The evidence module handles these two evidence types the same way. First, the Cosmos SDK converts the CometBFT concrete evidence type to an SDK `Evidence` interface using `Equivocation` as the concrete type.

```protobuf reference
https://github.com/cosmos/cosmos-sdk/blob/v0.47.0-rc1/proto/cosmos/evidence/v1beta1/evidence.proto#L12-L32
```

For some `Equivocation` submitted in `block` to be valid, it must satisfy:

`Evidence.Timestamp >= block.Timestamp - MaxEvidenceAge`

Where:

* `Evidence.Timestamp` is the timestamp in the block at height `Evidence.Height`
* `block.Timestamp` is the current block timestamp.

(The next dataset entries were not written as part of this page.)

Lemma rep_eqL f f' g n : eqL f f' -> rep f g n = rep f' g n.
Proof.
move=> [s fs]; have /eqP := rep_coeff g n fs.
by rewrite rep_idealgen rep_cat rep_scale mulN1r subr_eq0 => /eqP.
Qed.

Lemma a_astar_neq1 : ~ eqL (fmul (fword K [:: La]) (fword K [:: Las])) (fone K).
Proof.
move=> /(rep_eqL (fun m => (m == 1)%:R) 1).
by rewrite rep_mul /rep !big_seq1 /= mulr0 mul1r => /eqP; rewrite eq_sym oner_eq0.
Qed.

Lemma not_graded_directly_finite : ~ graded_directly_finite K.
Proof.
move=> df; apply: a_astar_neq1; apply: df; try exact: homog_fword.
apply: eqL_trans (eqL_CK1 false false 1 [::] [::]).
by apply: eqL_monom; rewrite ?mulr1.
Qed.

End DirectFiniteness.

Theorem mainTheorem16 (K : fieldType) (conj : {rmorphism K -> K})
  (conj_invol : involutive conj)
  (Kpd : positive_definite conj) :
  graded_star_regular conj /\ ~ graded_unit_regular K /\ ~ graded_directly_finite K.
Proof.
split; first exact: star_regular.
split; last exact: not_graded_directly_finite.
by move/unit_regular_directly_finite; apply: not_graded_directly_finite.
Qed.
(* Let $r\ge1$ and $G\subset\mathbb{Z}_2^r$ a subgroup with $1^r\in G$, and let $S_G$ be as below. Then $Z_{S_G}:=\sum_{\mu}\dim(S_G)_\mu\,\theta_\mu=\sum_{d\in D_G}\sum_{\alpha\in C_G}2^{-|d|_l}\theta_{(d,d_\perp\alpha)}$; in particular $\dim(S_G)_{(d,d_\perp\alpha)}=[C_G^d:\Delta^d]=2^{-|d|_l}\#C_G^d$ for any $d\in D_G$, $\alpha\in C_G$, where $C_G^d=C_G\cap\mathbb{Z}_2^d$.
   Context: Identify $\mathrm{IS}=\{0,\frac12,\frac1{16}\}$ with $\{(d,c)\in\mathbb{Z}_2^2:dc=0\}$ via $0\leftrightarrow(0,0)$, $\frac12\leftrightarrow(0,1)$, $\frac1{16}\leftrightarrow(1,0)$, and componentwise $\mathrm{IS}^{(r,r)}=\mathrm{IS}^r\times\mathrm{IS}^r$ with pairs $(d,c)\in(\mathbb{Z}_2^{r+r})^2$ with $dc=0$ (componentwise product). $\theta_\mu$ ($\mu\in\mathrm{IS}^{(r,r)}$) is a formal basis of a vector space. For $c\in\mathbb{Z}_2^{r+r}$, $|c|_l,|c|_r$ are numbers of ones among first/last $r$ coordinates, $|c|=|c|_l-|c|_r$, $d_\perp=1^{2r}+d$, $\mathbb{Z}_2^d=\{\alpha:d\alpha=\alpha\}$; $A^\perp=\{\beta:|\beta a|\in2\mathbb{Z}\ \forall a\in A\}$. Construction: $\Delta(g)=(g,g)$; $D_G=\Delta G$, $C_G=D_G^\perp$. Let $C^{\rm even}_{r,r}=\{\alpha:|\alpha|\in2\mathbb{Z}\}$ with ordered basis $(v_1,\dots,v_{2r-1})=(\Delta e_1,\dots,\Delta e_r,\tilde e_1-\tilde e_2,\dots,\tilde e_{r-1}-\tilde e_r)$, $\tilde e_i=(e_i,0)$; $\varepsilon$ is the bimultiplicative map to $\{\pm1\}$ with $\varepsilon(v_i,v_i)=(-1)^{|v_i|/2}$, $\varepsilon(v_i,v_j)=1$ ($i<j$), $(-1)^{|v_iv_j|}$ ($i>j$). $\mathbb{C}[\hat C_G]$ has basis $e_\alpha$ ($\alpha\in C_G$), $e_\alpha e_\beta=\varepsilon(\alpha,\beta)e_{\alpha+\beta}$. For $d\in\Delta\mathbb{Z}_2^r$, $\Delta^d=\mathbb{Z}_2^d\cap\Delta\mathbb{Z}_2^r$, and $\{e_\gamma\}_{\gamma\in\Delta^d}$ spans a copy of $\mathbb{C}[\Delta^d]$. For $d\in D_G$, $A_G(d)=\mathbb{C}[\hat C_G]\otimes_{\mathbb{C}[\Delta^d]}\mathbb{C}t_d$ (trivial module), $S_G=\bigoplus_{d\in D_G}A_G(d)$, graded by putting $e_\alpha\cdot t_d$ in degree $(d,d_\perp\alpha)$. *)

From HB Require Import structures.
From mathcomp Require Import all_boot all_order all_algebra all_field.
Set Implicit Arguments. Unset Strict Implicit. Unset Printing Implicit Defensive.
Import GRing.Theory Num.Theory.
Local Open Scope ring_scope.
Let pi_integrable : mu.-integrable (supp pi) (EFin \o pi).
Proof.
apply: integrableS measurableT measurable_supp (subsetT _) _.
by apply: ge0_integrable => //; rewrite pi1 ltry.
Qed.

Let pi_ge0_supp x : supp pi x -> 0 <= pi x.
Proof. by move=> _; exact: pi_ge0. Qed.

Lemma bounded_epsN n : bounded_supp (epsN mu pi q n.+1).
Proof.
have [bnd anti] := mean_inv_dominated n.
split.
  apply: (eq_measurable_fun (fun z => w z * mean_inv n (w z))).
    by move=> z /set_mem pz; rewrite epsN_mean_inv.
  apply: measurable_funM; first exact: measurable_funS measurableT _ measurable_wgt.
  apply: measurable_fun_nonincreasing_comp => //; first exact: measurable_supp.
    exact: measurable_funS measurableT _ measurable_wgt.
  exact: wgt_gt0.
exists 1 => z pz; have w0 := wgt_gt0 pz; have /andP[m0 m1] := bnd _ w0.
rewrite epsN_mean_inv // ger0_norm; last exact: mulr_ge0 (ltW w0) (ltW m0).
by rewrite -(mulfV (lt0r_neq0 w0)) ler_pM2l.
Qed.

Lemma epsN_bar_mean n : epsN_bar mu pi q n = pmean (epsN mu pi q n).
Proof. by congr fine; apply: eq_integral => z _; rewrite EFinM. Qed.

Lemma epsN_bar_gt0 n : 0 < epsN_bar mu pi q n.+1.
Proof.
rewrite epsN_bar_mean -(density_mean0 mu pi measurable_supp).
apply: (lt_density_mean measurable_supp pi_integrable pi_ge0_supp _ _ _ supp_not_negligible).
- exact: bounded_measurable_cst.
- exact: bounded_epsN.
- by move=> z pz; rewrite ltW ?epsN_gt0.
- by move=> z pz; split; rewrite ?epsN_gt0.
Qed.

Lemma epsN_bar_decr n : epsN_bar mu pi q n.+2 < epsN_bar mu pi q n.+1.
Proof.
rewrite !epsN_bar_mean.
apply: (lt_density_mean measurable_supp pi_integrable pi_ge0_supp _ _ _ supp_not_negligible).
- exact: bounded_epsN.
- exact: bounded_epsN.
- by move=> z pz; rewrite ltW ?epsN_decr.
- by move=> z pz; split; rewrite ?epsN_decr.
Qed.

Lemma epsN_bar_convex n :
  0 <= epsN_bar mu pi q n.+1 - 2 * epsN_bar mu pi q n.+2 + epsN_bar mu pi q n.+3.
Proof.
have [mS b] := (measurable_supp, bounded_epsN).
have b2 := bounded_measurableZ 2 (b n.+1).
rewrite !epsN_bar_mean -(density_meanZ mS pi_integrable 2 (b n.+1)).
rewrite -(density_meanB mS pi_integrable (b n) b2).
rewrite -(density_meanD mS pi_integrable (bounded_measurableB (b n) b2) (b n.+2)).
rewrite -(density_mean0 mu pi mS); apply: le_density_mean => //.
- exact: bounded_measurable_cst.
- exact/bounded_measurableD/(b n.+2)/bounded_measurableB.
- by move=> z pz; exact: epsN_convex.
Qed.

End importance_weights.

Theorem theorem6p12 (R : realType) (d : measure_display) (X : measurableType d)
  (mu : {measure set X -> \bar R}) (pi q : X -> R) :
  sigma_finite setT mu ->
  measurable_fun setT pi -> measurable_fun setT q ->
  (forall x, 0 <= pi x) -> (forall x, 0 <= q x) ->
  (\int[mu]_(x in setT) (pi x)%:E = 1)%E ->
  (\int[mu]_(x in setT) (q x)%:E = 1)%E ->
  (forall x, 0 < pi x -> 0 < q x) ->
  pos_cont_convex_decr (epsL mu pi q) /\
  (forall x, 0 < pi x -> pos_cont_convex_decr (fun lam => epsLx mu pi q lam x)).
Proof.
(* No Fubini theorem is needed, hence no sigma-finiteness: the integrals
   defining [eps_iter] are evaluated one variable at a time. *)
move=> _ mpi mq pi_ge0 q_ge0 pi1 q1 q_gt0; split=> [|x px].
  apply: (interp_pos_cont_convex_decr (s := epsN_bar mu pi q)) => -[|n] // _.
  - exact: epsN_bar_gt0.
  - exact: epsN_bar_decr.
  - exact: epsN_bar_convex.
apply: (interp_pos_cont_convex_decr (s := fun N => epsN mu pi q N x)) => -[|n] // _.
- exact: epsN_gt0.
- exact: epsN_decr.
- exact: epsN_convex.
Qed.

If valid `Equivocation` evidence is included in a block, the validator's stake is
reduced (slashed) by `SlashFractionDoubleSign` as defined by the `x/slashing` module
of what their stake was when the infraction occurred, rather than when the evidence was discovered.
We want to "follow the stake", i.e., the stake that contributed to the infraction
should be slashed, even if it has since been redelegated or started unbonding.

In addition, the validator is permanently jailed and tombstoned to make it impossible for that
validator to ever re-enter the validator set.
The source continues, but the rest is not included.